Sia-sia saja, tidak ada yang mendengar. Wajah mereka seperti orang kelaparan. Aku tidak tahu apakah kami akan dimakan. Aku tidak pernah mendengar bahwa kami dapat dimakan.
Mereka terus berjalan hingga ujung. Orang-orang itu sudah berhasil mencabuti setengah barisan kayu. Mereka akan mendekat ke sana. Ke tempat persembunyian jasad. Teruslah mendekat, temukan kebenarannya. Kalian harus tahu.
Aku tidak tahu apakah mayat-mayat itu masih berada di sana atau sudah berkelana bersama riak ombak. Seharusnya mereka juga mulai mengendus aroma busuk. Semoga mereka dapat menemukannya.
Mereka nyaris tiba pada beberapa kayu terakhir. Sepertinya tidak ada yang menyadari keberadaan mayat di sana. Seharusnya mayat itu sudah ditemukan. Aku ingat persis letaknya tak begitu jauh dari posisi kayu terakhir. Sesekali aroma busuk bercampur asin juga masih menghampiriku. Aku yakin, mayat itu masih di sana.
“Teman-teman, lekas kemari!” Nah, kerja bagus. Sosok bertubuh jangkung di ujung sana sepertinya sudah menemukannya.
Empat orang menghampiri sosok tersebut. Mereka menunduk sembari berbicara. Dua orang mulai berjongkok dan mengangkat sesuatu.
“Itu dia! Itu karung yang kemarin. Mereka menemukan semuanya.” Aku berteriak seperti anak kecil yang mendapat es krim, meskipun tubuhku masih perih karena terhempas tadi.

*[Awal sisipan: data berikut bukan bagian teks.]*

(* Let $h:\mathcal S\to\mathbb R$ be bounded and $\lambda\in[0,1]$, defining the reshaped MDP $\widetilde{\mathcal M}$. For every policy $\pi$, every initial state distribution $d_0$ and every bounded $V:\mathcal S\to\mathbb R$, $$V(d_0)-V^\pi(d_0)=\frac{\gamma(1-\lambda)}{1-\gamma}\,\mathbb E_{(s,a)\sim d^\pi}\,\mathbb E_{s'\sim P(\cdot|s,a)}\big[h(s')-V(s')\big]+\lambda\big(V(d_0)-\widetilde V^\pi(d_0)\big)+\frac{1-\lambda}{1-\gamma}\big(V(d^\pi)-\widetilde V^\pi(d^\pi)\big).$$
   Context: Let $\mathcal M=(\mathcal S,\mathcal A,P,r,\gamma)$ be a discounted MDP with transition kernel $P(\cdot|s,a)$, reward $r:\mathcal S\times\mathcal A\to[0,1]$ and discount $\gamma\in[0,1)$. A policy $\pi$ is a Markov kernel from $\mathcal S$ to distributions on $\mathcal A$; $\rho^\pi(s)$ (resp. $\rho^\pi(d_0)$) is the trajectory law with $s_0=s$ (resp. $s_0\sim d_0$), $a_t\sim\pi(\cdot|s_t)$, $s_{t+1}\sim P(\cdot|s_t,a_t)$. $V^\pi(s)=\mathbb E_{\rho^\pi(s)}[\sum_t\gamma^tr(s_t,a_t)]$. For $V:\mathcal S\to\mathbb R$ and a distribution $d$, $V(d)=\mathbb E_{s\sim d}[V(s)]$. $d_t^\pi$ is the law of $s_t$ under $\rho^\pi(d_0)$, $d^\pi=(1-\gamma)\sum_t\gamma^td_t^\pi$, $d^\pi(s,a)=d^\pi(s)\pi(a|s)$. Reshaped MDP: $\widetilde{\mathcal M}=(\mathcal S,\mathcal A,P,\widetilde r,\lambda\gamma)$ with $\widetilde r(s,a)=r(s,a)+(1-\lambda)\gamma\,\mathbb E_{s'\sim P(\cdot|s,a)}[h(s')]$, and $\widetilde V^\pi(s)=\mathbb E_{\rho^\pi(s)}[\sum_t(\lambda\gamma)^t\widetilde r(s_t,a_t)]$. *)

From HB Require Import structures.
From mathcomp Require Import all_boot all_order all_algebra.
From mathcomp Require Import all_classical all_reals all_analysis.
Set Implicit Arguments. Unset Strict Implicit. Unset Printing Implicit Defensive.
Import Order.TTheory GRing.Theory Num.Theory.
Import numFieldNormedType.Exports.
Local Open Scope classical_set_scope.
Local Open Scope ring_scope.

Section MDP.
Context {R : realType} {dS dA : measure_display}
  (S : measurableType dS) (A : measurableType dA)
  (P : R.-pker (S * A)%type ~> S)
  (pi : R.-pker S ~> A).

Definition stepT (f : S -> R) (s : S) : R :=
  \int[pi s]_(a in setT) \int[P (s, a)]_(s' in setT) f s'.

(* E[f(s_t) | s_0 = s] under the trajectory law rho^pi(s) *)
Definition iterT (t : nat) (f : S -> R) : S -> R := iter t stepT f.

Definition rpi (r : S * A -> R) (s : S) : R :=
  \int[pi s]_(a in setT) r (s, a).

Definition value (rew : S * A -> R) (disc : R) (s : S) : R :=
  limn (fun n : nat => \sum_(t < n) (disc ^+ t * iterT t (rpi rew) s)).

Definition at_dist (d : probability S R) (V : S -> R) : R :=
  \int[d]_(s in setT) V s.

(* E_{s~d_t^pi}[f(s)], d_t^pi the law of s_t under rho^pi(d0) *)
Definition dt_exp (d0 : probability S R) (t : nat) (f : S -> R) : R :=
  at_dist d0 (iterT t f).

(* E_{s~d^pi}[f(s)],  d^pi = (1-gamma) sum_t gamma^t d_t^pi *)
Definition occ_exp (d0 : probability S R) (gamma : R) (f : S -> R) : R :=
  (1 - gamma) * limn (fun n : nat => \sum_(t < n) (gamma ^+ t * dt_exp d0 t f)).

(* E_{(s,a)~d^pi} E_{s'~P(.|s,a)} [g(s')] *)
Definition occ_next_exp (d0 : probability S R) (gamma : R) (g : S -> R) : R :=
  occ_exp d0 gamma (stepT g).

Definition reshaped_reward (r : S * A -> R) (h : S -> R) (lambda gamma : R)
  (sa : S * A) : R :=
  r sa + (1 - lambda) * gamma * \int[P sa]_(s' in setT) h s'.

End MDP.

(* Write T for the one-step operator (T f)(s) = E_{a~pi(.|s)} E_{s'~P(.|s,a)} f(s')
   and, for a bounded measurable f, D f = sum_t gamma^t E_{d0}[T^t f], so that
   E_{d^pi}[f] = (1 - gamma) D f.  The proof only uses four facts:
   - D is linear on bounded measurable functions;
   - D f = E_{d0}[f] + gamma D (T f)   (shift of the series by one step);
   - the value of a bounded state reward rho with discount c < 1 satisfies the
     Bellman equation V = rho + c T V;
   - the expected reshaped reward is rho + (1 - lambda) gamma T h, with
     rho(s) = E_{a~pi(.|s)} r(s,a).
   Applying D to the Bellman equations of V^pi and of the reshaped value, and
   the shift identity to V^pi, the reshaped value and V, gives five linear
   relations from which the theorem follows by field arithmetic. *)
From HB Require Import structures.
From mathcomp Require Import all_boot all_order all_algebra.
From mathcomp Require Import all_classical all_reals all_analysis.
From mathcomp Require Import measurable_realfun lra ring.
Import Order.TTheory GRing.Theory Num.Theory.
Import numFieldNormedType.Exports.
Local Open Scope classical_set_scope.
Local Open Scope ring_scope.

(* Bounded measurable real functions: the class on which all operators below
   are linear and on which the series defining values converge. *)
Definition bmeas {d : measure_display} {T : measurableType d} {R : realType}
  (f : T -> R) : Prop :=
  measurable_fun setT f /\ exists M, forall x, `|f x| <= M.

Section BoundedMeasurable.
Context {R : realType} {d : measure_display} {T : measurableType d}.

Lemma bmeas_cst (c : R) : bmeas (fun _ : T => c).
Proof. by split; [exact: measurable_cst | exists `|c|]. Qed.

(* Linear combinations are written f + b g throughout: every combination the
   proof needs has this shape. *)
Lemma bmeas_comb {f g : T -> R} (b : R) :
  bmeas f -> bmeas g -> bmeas (fun x => f x + b * g x).
Proof.
move=> [mf [M bf]] [mg [N bg]]; split.
  by apply: measurable_funD => //; apply: measurable_funM => //; exact: measurable_cst.
exists (M + `|b| * N) => x; apply: le_trans (ler_normD _ _) _.
by rewrite normrM lerD // ler_wpM2l.
Qed.

Lemma bounded_fun_bmeas {f : T -> R} : measurable_fun setT f -> bounded_fun f -> bmeas f.
Proof.
move=> mf [M [_ HM]]; split => //; exists (M + 1) => x.
by apply: HM => //; rewrite ltrDl.
Qed.

End BoundedMeasurable.

Section ProbabilityIntegral.
Context {R : realType} {d : measure_display} {T : measurableType d}
  (mu : {measure set T -> \bar R}) (mu1 : mu setT = 1%E).

Lemma bmeas_integrable {f : T -> R} : bmeas f -> mu.-integrable setT (EFin \o f).
Proof.
move=> [mf [M bf]]; apply: measurable_bounded_integrable => //.
  by rewrite mu1 ltry.
exists M; split; first exact: num_real.
by move=> N hN x _; apply: le_trans (bf x) (ltW hN).
Qed.

Lemma Rintegral_prob_cst (c : R) : \int[mu]_(x in setT) c = c.
Proof. by rewrite Rintegral_cst // mu1 /= mulr1. Qed.

Lemma Rintegral_comb {f g : T -> R} (b : R) : bmeas f -> bmeas g ->
  \int[mu]_(x in setT) (f x + b * g x) =
  \int[mu]_(x in setT) f x + b * \int[mu]_(x in setT) g x.
Proof.
move=> bf bg.
have bbg : bmeas (fun x => b * g x).
  by have := bmeas_comb b (bmeas_cst 0) bg; under eq_fun do rewrite add0r.
rewrite RintegralD ?RintegralZl //; exact: bmeas_integrable.
Qed.

Lemma Rintegral_prob_bound (f : T -> R) (M : R) : measurable_fun setT f ->
  (forall x, `|f x| <= M) -> `| \int[mu]_(x in setT) f x | <= M.
Proof.
move=> mf bf; have bmf : bmeas f by split; last exists M.
apply: le_trans (le_normr_Rintegral _ _) _ => //; first exact: bmeas_integrable.
rewrite -[leRHS](Rintegral_prob_cst M); apply: le_Rintegral => //.
- apply: bmeas_integrable; split; first exact: measurableT_comp.
  by exists M => x; rewrite normr_id.
- exact/bmeas_integrable/bmeas_cst.
Qed.

End ProbabilityIntegral.

Section KernelApply.
Context {R : realType} {d d' : measure_display} {X : measurableType d}
  {Y : measurableType d'} (k : R.-pker X ~> Y).

Definition kapply (G : X * Y -> R) (x : X) : R := \int[k x]_(y in setT) G (x, y).

Lemma section_measurable (G : X * Y -> R) (x : X) :
  measurable_fun setT G -> measurable_fun setT (fun y => G (x, y)).
Proof. by move=> mG; apply: measurableT_comp mG (pair1_measurable x). Qed.

Lemma section_bmeas (G : X * Y -> R) (x : X) : bmeas G -> bmeas (fun y => G (x, y)).
Proof.
by move=> [mG [M bG]]; split; [exact: section_measurable | exists M].
Qed.

Lemma kapply_bound (G : X * Y -> R) (M : R) : measurable_fun setT G ->
  (forall z, `|G z| <= M) -> forall x, `|kapply G x| <= M.
Proof.
move=> mG bG x; apply: (Rintegral_prob_bound _ (prob_kernel x)).
  exact: section_measurable.
by move=> y; exact: bG.
Qed.

Lemma kapply_comb {G H : X * Y -> R} (b : R) : bmeas G -> bmeas H ->
  kapply (fun z => G z + b * H z) = fun x => kapply G x + b * kapply H x.
Proof.
move=> bG bH; apply/funext => x.
by apply: (Rintegral_comb _ (prob_kernel x)); exact: section_bmeas.
Qed.

(* Measurability in x follows from the measurability of nonnegative kernel
   integrals, after shifting G by its bound. *)
Lemma kapply_measurable (G : X * Y -> R) : bmeas G -> measurable_fun setT (kapply G).
Proof.
move=> bG; have [mG [M bM]] := bG.
have shift x : kapply G x = Rintegral (k x) setT (fun y => G (x, y) + M) - M.
  have := kapply_comb M bG (bmeas_cst 1).
  move=> /(congr1 (fun F => F x)); rewrite /kapply Rintegral_prob_cst ?prob_kernel //.
  by rewrite mulr1 => ->; rewrite addrK.
rewrite (funext shift); apply: measurable_funB; last exact: measurable_cst.
apply: (measurableT_comp (fine_measurable measurableT)).
apply: (measurable_fun_integral_finite_kernel (fun z => (G z + M)%:E) k).
  move=> z; rewrite lee_fin; have := bM z; rewrite ler_norml => /andP[hM _]; lra.
by apply/measurable_EFinP; apply: measurable_funD => //; exact: measurable_cst.
Qed.

Lemma kapply_bmeas {G : X * Y -> R} : bmeas G -> bmeas (kapply G).
Proof.
move=> bG; have [mG [M bM]] := bG.
by split; [exact: kapply_measurable | exists M; exact: kapply_bound].
Qed.

End KernelApply.

Section StepOperator.
Context {R : realType} {dS dA : measure_display}
  {S : measurableType dS} {A : measurableType dA}
  (P : R.-pker (S * A)%type ~> S) (pi : R.-pker S ~> A).

Notation T := (stepT P pi).

Lemma stepT_kapply (f : S -> R) : T f = kapply pi (kapply P (fun z => f z.2)).
Proof. by []. Qed.

Lemma snd_bmeas {f : S -> R} : bmeas f -> bmeas (fun z : (S * A) * S => f z.2).
Proof.
by move=> [mf [M bf]]; split; [exact: measurableT_comp mf measurable_snd | exists M].
Qed.

Lemma stepT_bmeas {f : S -> R} : bmeas f -> bmeas (T f).
Proof.
by move=> bf; rewrite stepT_kapply; do 2 apply: kapply_bmeas; exact: snd_bmeas.
Qed.

Lemma stepT_bound (f : S -> R) (M : R) : measurable_fun setT f ->
  (forall x, `|f x| <= M) -> forall s, `|T f s| <= M.
Proof.
move=> mf bf; have bf' : bmeas f by split; last exists M.
rewrite stepT_kapply; apply: kapply_bound.
  by apply: kapply_measurable; exact: snd_bmeas.
by apply: kapply_bound; [exact: measurableT_comp mf measurable_snd | move=> z; exact: bf].
Qed.

Lemma stepT_comb {f g : S -> R} (b : R) : bmeas f -> bmeas g ->
  T (fun x => f x + b * g x) = fun s => T f s + b * T g s.
Proof.
move=> bf bg; rewrite !stepT_kapply.
rewrite (kapply_comb P b (snd_bmeas bf) (snd_bmeas bg)).
by apply: kapply_comb; apply: kapply_bmeas; exact: snd_bmeas.
Qed.

Lemma stepT_cst (c : R) : T (fun _ => c) = fun _ => c.
Proof.
apply/funext => s; rewrite stepT_kapply /kapply.
under eq_Rintegral do rewrite Rintegral_prob_cst ?prob_kernel //.
by rewrite Rintegral_prob_cst ?prob_kernel.
Qed.

Lemma rpi_bmeas {r : S * A -> R} : bmeas r -> bmeas (rpi pi r).
Proof. exact: kapply_bmeas. Qed.

Lemma rpi_reshaped_reward {r : S * A -> R} {h : S -> R} (lambda gamma : R) :
  bmeas r -> bmeas h ->
  rpi pi (reshaped_reward P r h lambda gamma) =
  fun s => rpi pi r s + (1 - lambda) * gamma * T h s.
Proof. by move=> br bh; exact: (kapply_comb pi _ br (kapply_bmeas P (snd_bmeas bh))). Qed.

Lemma iterTS (t : nat) (f : S -> R) : iterT P pi t.+1 f = T (iterT P pi t f).
Proof. by rewrite /iterT iterS. Qed.

Lemma iterTSr (t : nat) (f : S -> R) : iterT P pi t.+1 f = iterT P pi t (T f).
Proof. by rewrite /iterT iterSr. Qed.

Mereka membawanya ke dekatku. Semoga karung itu dibuka di sini. Aku juga penasaran isi karung itu, apakah mayatnya masih utuh atau sudah busuk. Kasihan, keluarganya pasti sedang mencari.
Lihatlah, mereka juga tergesa. Aku yakin, mereka juga penasaran. Karung dibuka secara serentak. Seseorang berteriak. Sontak seluruh perhatian orang tertuju padanya.
“Ternyata isinya boneka. Boneka yang tidak biasa.” Ya, boneka itu berdarah. Aku yakin, masih ada rahasia di sana.
Benar saja, di sana tertulis, “Selamat Jalan Kejujuran”, “Selamat Jalan Keadilan”, “Selamat Tinggal Hati Nurani”.